§ **EXERCISE INSTRUCTIONS**:
Where a line below includes the word "mathcomp", copy that line.

[[ RECORDS PROVIDED open ]]

Definition nondegenerate (gT : finGroupType) (k : fieldType)
  (A : {group gT}) (q : gT -> k) : Prop :=
  {in A, forall x, {in A, forall y, bichar q x y = 1%R} -> x = 1%g}.

Definition metric_group (gT : finGroupType) (k : fieldType)
  (A : {group gT}) (q : gT -> k) : Prop :=
  [/\ abelian A, quadratic_form A q & nondegenerate A q].

Definition isotropic_subgroup (gT : finGroupType) (k : fieldType)
  (A : {group gT}) (q : gT -> k) (H : {group gT}) : bool :=
  (H \subset A) && [forall x in H, q x == 1%R].

Definition reductive (gT : finGroupType) (k : fieldType)
  (A : {group gT}) (q : gT -> k) : Prop :=
  \bigcap_(H : {group gT} | maxgroup H (isotropic_subgroup A q)) (H : {set gT}) = 1%g.

Definition isotropically_generated (gT : finGroupType) (k : fieldType)
  (A : {group gT}) (q : gT -> k) : Prop :=
  <<[set x in A | q x == 1%R]>>%g = A.

Definition anisotropic (gT : finGroupType) (k : fieldType)
  (A : {group gT}) (q : gT -> k) : Prop :=
  {in A, forall x, q x = 1%R -> x = 1%g}.

From Pilot Require Import Defs.
From HB Require Import structures.
From mathcomp Require Import all_boot all_order all_algebra all_fingroup all_solvable.
From mathcomp Require Import zify.
Set Implicit Arguments. Unset Strict Implicit. Unset Printing Implicit Defensive.
Import GRing.Theory.
Local Open Scope ring_scope.

(* Let B be the subgroup generated by the isotropic elements.  An
   isotropic z orthogonal to every isotropic element can be adjoined to any
   maximal isotropic subgroup, so reductivity says exactly that such z are
   trivial; since q z ^+ 2 = b z z and A has odd order, this also makes b
   nondegenerate on B.  If A is not anisotropic, some isotropic x of order p
   and isotropic y give a primitive p-th root b y x, so q takes every p-th root
   of unity on B and #|B| is invertible in k.  Character sums over B then
   give A = B * B^perp.  Reductivity forces B^perp to have exponent p, so for
   c in B^perp the value q c is a p-th root of unity, q (c * u) = 1 for some
   u in B, and c lies in B.  Conversely, elements common to all maximal
   isotropic subgroups are orthogonal to every isotropic element, hence
   trivial when A is isotropically generated and b nondegenerate. *)

Lemma sum_neq0_mulmorph_eq1 (k : fieldType) (gT : finGroupType) (G : {group gT})
    (psi : gT -> k) :
  {in G &, {morph psi : x y / (x * y)%g >-> x * y}} ->
  \sum_(u in G) psi u != 0 -> {in G, forall w, psi w = 1}.
Proof.
move=> psiM sum_neq0 w wG; apply: (mulIf sum_neq0); rewrite mul1r mulr_sumr.
rewrite [RHS](reindex_inj (mulgI w)) /=.
by apply: eq_big => [u | u uG]; rewrite ?groupMl ?psiM.
Qed.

[[ RECORDS PROVIDED closed ]]

§ **SOLUTION TO THIS TASK**:
From mathcomp Require Import all_boot all_order all_algebra all_fingroup all_solvable.
From mathcomp Require Import zify.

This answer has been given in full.